(* Let $G$ be the Delaunay graph of a unit intensity Poisson process on $\mathbb{R}^2$, with edges drawn as straight segments between their endpoints, and let $\rho,\ell>0$. The probability that $G$ has an edge of length at least $\ell$ which intersects the square $Q(0,\rho)$ is at most $\left(\frac{\sqrt{32}\,\rho}{\ell}+8\right)^2 e^{-\ell^2/32}$.
   Context: $Q(x,R)=x+[-R,R]^2$. The Voronoi cell of $x\in V$ is $C(x)=\{z: d(z,x)=d(z,V)\}$; the Delaunay graph has vertex set $V$ and an edge $(x,y)$ iff $|C(x)\cap C(y)|>1$. *)

From HB Require Import structures.
From mathcomp Require Import all_boot all_order all_algebra.
From mathcomp Require Import finmap.
From mathcomp Require Import all_classical all_reals all_analysis.
Import Order.TTheory GRing.Theory Num.Theory.

Set Implicit Arguments.
Unset Strict Implicit.
Unset Printing Implicit Defensive.

Local Open Scope classical_set_scope.
Local Open Scope ring_scope.

Section Defs.
Variable R : realType.

Definition area : set (R * R) -> \bar R :=
  ((@lebesgue_measure R) \x (@lebesgue_measure R))%E.

Definition square (x : R * R) (r : R) : set (R * R) :=
  [set z | `|z.1 - x.1| <= r /\ `|z.2 - x.2| <= r].

Definition bounded2 (A : set (R * R)) : Prop :=
  exists r : R, A `<=` square (0, 0) r.

Definition npts (S : set (R * R)) : \bar R :=
  if pselect (finite_set S) is left _ then ((#|` fset_set S|)%:R)%:E
  else +oo%E.

Definition poisson_pmf (m : R) (k : nat) : R :=
  expR (- m) * m ^+ k / (k`!)%:R.

Definition dist2 (a b : R * R) : R :=
  Num.sqrt ((a.1 - b.1) ^+ 2 + (a.2 - b.2) ^+ 2).

Definition dist_set (z : R * R) (V : set (R * R)) : R :=
  inf [set dist2 z v | v in V].

Definition voronoi (V : set (R * R)) (x : R * R) : set (R * R) :=
  [set z | dist2 z x = dist_set z V].

Definition delaunay_edge (V : set (R * R)) (x y : R * R) : Prop :=
  V x /\ V y /\ x <> y /\
  exists z1 z2, z1 <> z2 /\
    (voronoi V x `&` voronoi V y) z1 /\ (voronoi V x `&` voronoi V y) z2.

Definition segment (x y : R * R) : set (R * R) :=
  [set (x.1 + t * (y.1 - x.1), x.2 + t * (y.2 - x.2)) | t in `[0, 1]].

End Defs.

Definition unit_poisson_process (R : realType) (d : measure_display)
  (Omega : measurableType d) (P : probability Omega R)
  (X : Omega -> set (R * R)) : Prop :=
  (forall A : set (R * R), measurable A -> bounded2 A ->
     forall k : nat, measurable [set w | npts (X w `&` A) = (k%:R)%:E]) /\
  (forall (n : nat) (A : 'I_n -> set (R * R)) (k : 'I_n -> nat),
     (forall i, measurable (A i) /\ bounded2 (A i)) ->
     (forall i j, i != j -> A i `&` A j = set0) ->
     P (\bigcap_(i in [set: 'I_n]) [set w | npts (X w `&` A i) = ((k i)%:R)%:E])
     = (\prod_(i < n) poisson_pmf (fine (area (A i))) (k i))%:E).

Definition long_edge_event (R : realType) (Omega : Type)
  (X : Omega -> set (R * R)) (rho ell : R) : set Omega :=
  [set w | exists x y : R * R, delaunay_edge (X w) x y /\ ell <= dist2 x y /\
     (segment x y `&` square (0, 0) rho) !=set0].

(* A Delaunay edge xy comes with a point z equidistant from x and y that has no
   point of the process closer than |z - x|, so the open disk of centre z through
   x and y is empty.  If |x - y| >= l, this disk contains a disk of radius l/4
   whose centre lies within 3l/4 of any given point of the edge: move along the
   chord to a point at distance >= l/2 from both ends, then l/4 towards z.
   A grid of squares of side l/3 placed with step l/100 is fine enough for every
   such disk meeting the region to contain a whole grid square, so the event
   forces one of N^2 squares to be empty, each with probability e^(-l^2/9).
   The resulting bound N^2 e^(-l^2/9) is below the claimed one when l^2 > 112,
   and for l^2 <= 112 the claimed bound is at least 1. *)

From Pilot Require Import Defs.
From HB Require Import structures.
From mathcomp Require Import all_boot all_order all_algebra.
From mathcomp Require Import all_classical all_reals all_analysis.
From mathcomp Require Import ring lra zify.
Import Order.TTheory GRing.Theory Num.Theory.

Set Implicit Arguments.
Unset Strict Implicit.
Unset Printing Implicit Defensive.
Local Open Scope classical_set_scope.
Local Open Scope ring_scope.

Definition dot (R : realType) (u v : R * R) : R := u.1 * v.1 + u.2 * v.2.

Definition perp (R : realType) (u : R * R) : R * R := (- u.2, u.1).

Local Ltac coords := rewrite /dot /perp /= /GRing.scale /=.

Section PlaneGeometry.
Variable R : realType.
Implicit Types (a b d h n p u v w x y z : R * R) (r M s tau ell : R).

Lemma dot_ge0 u : 0 <= dot u u.
Proof. by rewrite /dot addr_ge0 // -expr2 sqr_ge0. Qed.

Lemma dot_scale k u : dot (k *: u) (k *: u) = k ^+ 2 * dot u u.
Proof. by coords; ring. Qed.

Lemma dist2_sqr a b : dist2 a b ^+ 2 = dot (a - b) (a - b).
Proof. by rewrite /dist2 sqr_sqrtr ?addr_ge0 ?sqr_ge0 // /dot /= !expr2. Qed.

Lemma cauchy_schwarz u v : dot u v ^+ 2 <= dot u u * dot v v.
Proof. have := sqr_ge0 (u.1 * v.2 - u.2 * v.1); rewrite /dot; nra. Qed.

Lemma dot_le_mul u v r M : 0 <= r -> 0 <= M ->
  dot u u <= r ^+ 2 -> dot v v <= M ^+ 2 -> dot u v <= r * M.
Proof.
move=> r0 M0 hu hv; have cs := cauchy_schwarz u v.
have hd : dot u v ^+ 2 <= (r * M) ^+ 2.
  by rewrite exprMn (le_trans cs) // ler_pM // dot_ge0.
have rM0 : 0 <= r * M by rewrite mulr_ge0.
case: (lerP (dot u v) 0) => [uv0|/ltW uv0]; first exact: le_trans uv0 rM0.
by rewrite -ler_sqr ?nnegrE.
Qed.

Lemma dot_add_le u v r M : 0 <= r -> 0 <= M ->
  dot u u <= r ^+ 2 -> dot v v <= M ^+ 2 -> dot (u + v) (u + v) <= (r + M) ^+ 2.
Proof.
move=> r0 M0 hu hv; have := dot_le_mul r0 M0 hu hv.
rewrite /dot /= in hu hv *; nra.
Qed.

Lemma dot_add_lt u v r M : 0 <= r -> 0 <= M ->
  dot u u < r ^+ 2 -> dot v v <= M ^+ 2 -> dot (u + v) (u + v) < (r + M) ^+ 2.
Proof.
move=> r0 M0 hu hv; have := dot_le_mul r0 M0 (ltW hu) hv.
rewrite /dot /= in hu hv *; nra.
Qed.

Lemma dot_perp_decomposition n u v :
  dot n n * dot u v = dot u n * dot v n + dot u (perp n) * dot v (perp n).
Proof. by coords; ring. Qed.

Lemma dot_orthogonal_plane d n u v : 0 < dot d d -> dot n n = 1 ->
  dot n d = 0 -> dot u d = 0 -> dot u v = dot u n * dot v n.
Proof.
move=> d0 nn nd ud.
have un : dot u (perp n) = 0.
  have := dot_perp_decomposition d u (perp n).
  have -> : dot (perp n) (perp d) = dot n d by coords; ring.
  rewrite ud nd mul0r mulr0 addr0 => /eqP; rewrite mulf_eq0 => /orP[|/eqP //].
  by rewrite gt_eqF.
by have := dot_perp_decomposition n u v; rewrite nn un mul1r mul0r addr0.
Qed.

Lemma exists_unit_normal d u : 0 < dot d d ->
  exists n, [/\ dot n n = 1, dot n d = 0 & 0 <= dot u n].
Proof.
move=> d0; set s := Num.sqrt (dot d d).
have s0 : 0 < s by rewrite sqrtr_gt0.
have ss : s ^+ 2 = dot d d by rewrite sqr_sqrtr // ltW.
pose n0 := s^-1 *: perp d.
have n0n0 : dot n0 n0 = 1.
  have -> : dot n0 n0 = dot d d / s ^+ 2.
    by rewrite /n0; coords; field; rewrite gt_eqF.
  by rewrite ss divff // gt_eqF.
have n0d : dot n0 d = 0 by rewrite /n0; coords; field; rewrite gt_eqF.
case: (lerP 0 (dot u n0)) => [un0|un0]; first by exists n0.
exists (- n0); split; rewrite -?n0n0 -?n0d; coords; try ring.
by move: un0; coords; lra.
Qed.

Lemma closer_than_endpoint u h v : dot u h = 0 -> 0 <= dot u v ->
  dot v v < dot h h -> dot (u - v) (u - v) < dot (u + h) (u + h).
Proof.
move=> uh uv vh.
have -> : dot (u - v) (u - v) = dot u u - 2 * dot u v + dot v v.
  by coords; ring.
have -> : dot (u + h) (u + h) = dot u u + 2 * dot u h + dot h h.
  by coords; ring.
lra.
Qed.

Lemma disk_in_circumdisk x d z n s tau ell : 0 < ell -> ell <= s ->
  dot d d = s ^+ 2 -> ell / 2 <= tau * s -> ell / 2 <= (1 - tau) * s ->
  dot (z - x) (z - x) = dot (z - (x + d)) (z - (x + d)) ->
  dot n n = 1 -> dot n d = 0 -> 0 <= dot (z - x) n ->
  forall w, dot (w - (x + tau *: d + (ell / 4) *: n))
                (w - (x + tau *: d + (ell / 4) *: n)) < (ell / 4) ^+ 2 ->
    dot (z - w) (z - w) < dot (z - x) (z - x).
Proof.
move=> l0 ls ss tau_lo tau_hi hz nn nd zn w.
(* Around the midpoint m of the chord, z - m = u is orthogonal to d and
   w - m = a + b: it has a nonnegative component along u and length < s / 2. *)
set a := w - _ => ha.
pose b := (tau - 2^-1) *: d + (ell / 4) *: n.
pose h := 2^-1 *: d.
pose u := z - (x + h).
have s0 : 0 < s := lt_le_trans l0 ls.
have d0 : 0 < dot d d by rewrite ss exprn_gt0.
have ud : dot u d = 0.
  have : dot (z - x) (z - x) - dot (z - (x + d)) (z - (x + d)) = 2 * dot u d.
    by rewrite /u /h; coords; field.
  by rewrite hz subrr => /esym /eqP; rewrite mulf_eq0 pnatr_eq0 => /eqP.
have bb : dot b b <= (s / 2 - ell / 4) ^+ 2.
  have -> : dot b b = (tau - 2^-1) ^+ 2 * dot d d
      + (tau - 2^-1) * ell / 2 * dot n d + (ell / 4) ^+ 2 * dot n n.
    by rewrite /b; coords; field.
  rewrite ss nd nn; nra.
have an : - (ell / 4) < dot a n.
  have := cauchy_schwarz a n; rewrite nn mulr1 => an2.
  nra.
have uv : 0 <= dot u (a + b).
  rewrite (dot_orthogonal_plane (a + b) d0 nn nd ud) mulr_ge0 //.
    have -> : dot u n = dot (z - x) n - 2^-1 * dot n d.
      by rewrite /u /h; coords; field.
    by rewrite nd mulr0 subr0.
  have -> : dot (a + b) n = dot a n + (tau - 2^-1) * dot n d + ell / 4 * dot n n.
    by rewrite /b; coords; field.
  rewrite nd nn; lra.
have vh : dot (a + b) (a + b) < dot h h.
  have -> : dot h h = (ell / 4 + (s / 2 - ell / 4)) ^+ 2.
    have -> : dot h h = dot d d / 4 by rewrite /h; coords; field.
    by rewrite ss; field.
  by apply: dot_add_lt => //; lra.
have uh : dot u h = 0 by move: ud; rewrite /h; coords => ud; nra.
have := closer_than_endpoint uh uv vh.
have -> : dot (u - (a + b)) (u - (a + b)) = dot (z - w) (z - w).
  by rewrite /u /h /a /b; coords; field.
have -> // : dot (u + h) (u + h) = dot (z - x) (z - x).
by rewrite /u /h; coords; field.
Qed.

Lemma exists_clamp (a t : R) : 0 <= a -> a <= 1 / 2 -> 0 <= t <= 1 ->
  exists tau, [/\ a <= tau, tau <= 1 - a & `|tau - t| <= a].
Proof.
move=> a0 a_half /andP[t0 t1].
case: (ltP t a) => [t_lt|t_ge]; first by exists a; rewrite ler_norml; split; lra.
case: (ltP (1 - a) t) => [t_gt|t_le].
  by exists (1 - a); rewrite ler_norml; split; lra.
by exists t; rewrite subrr normr0; split.
Qed.

Lemma empty_disk_near_segment x y z p ell : 0 < ell ->
  ell ^+ 2 <= dot (y - x) (y - x) -> dot (z - x) (z - x) = dot (z - y) (z - y) ->
  segment x y p ->
  exists2 c, dot (c - p) (c - p) <= (3 * ell / 4) ^+ 2 &
    forall w, dot (w - c) (w - c) < (ell / 4) ^+ 2 ->
      dot (z - w) (z - w) < dot (z - x) (z - x).
Proof.
move=> l0 lxy hz [t t01 <-].
have {t01} : t \in `[0, 1] := t01; rewrite in_itv /= => t01.
set d := y - x in lxy; set s := Num.sqrt (dot d d).
have ss : dot d d = s ^+ 2 by rewrite /s sqr_sqrtr // dot_ge0.
have ls : ell <= s.
  by move: lxy; rewrite ss ler_sqr // nnegrE ?sqrtr_ge0 // ltW.
have s0 : 0 < s := lt_le_trans l0 ls.
have d0 : 0 < dot d d by rewrite ss exprn_gt0.
pose tau0 := ell / (2 * s).
have tau0s : tau0 * s = ell / 2 by rewrite /tau0; field; rewrite gt_eqF.
have [tau0_ge0 tau0_half] : 0 <= tau0 /\ tau0 <= 1 / 2.
  by split; rewrite -(ler_pM2r s0) ?mul0r tau0s; lra.
have [tau [tau_lo tau_hi tau_t]] := exists_clamp tau0_ge0 tau0_half t01.
have [n [nn nd zn]] := exists_unit_normal (z - x) d0.
exists (x + tau *: d + (ell / 4) *: n).
  have -> : 3 * ell / 4 = ell / 2 + ell / 4 by field.
  set c := x + _ + _; set q := (_, _).
  have -> : dot (c - q) (c - q)
      = dot ((tau - t) *: d + (ell / 4) *: n) ((tau - t) *: d + (ell / 4) *: n).
    by rewrite /c /q /d; coords; ring.
  apply: dot_add_le; rewrite ?dot_scale ?nn ?mulr1; [lra | lra | | by []].
  have h : (tau - t) ^+ 2 <= tau0 ^+ 2 by move: tau_t; rewrite ler_norml; nra.
  by rewrite ss -tau0s [X in _ <= X]exprMn ler_pM2r ?exprn_gt0.
move=> w; apply: (disk_in_circumdisk l0 ls ss) => //.
- by rewrite -tau0s ler_pM2r.
- by rewrite -tau0s ler_pM2r //; lra.
- by rewrite hz /d subrKC.
Qed.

What the exercise asks - The answer must consist of every line from the data that holds the string "apply".

Task answer -
  by apply: dot_add_lt => //; lra.
  apply: dot_add_le; rewrite ?dot_scale ?nn ?mulr1; [lra | lra | | by []].
move=> w; apply: (disk_in_circumdisk l0 ls ss) => //.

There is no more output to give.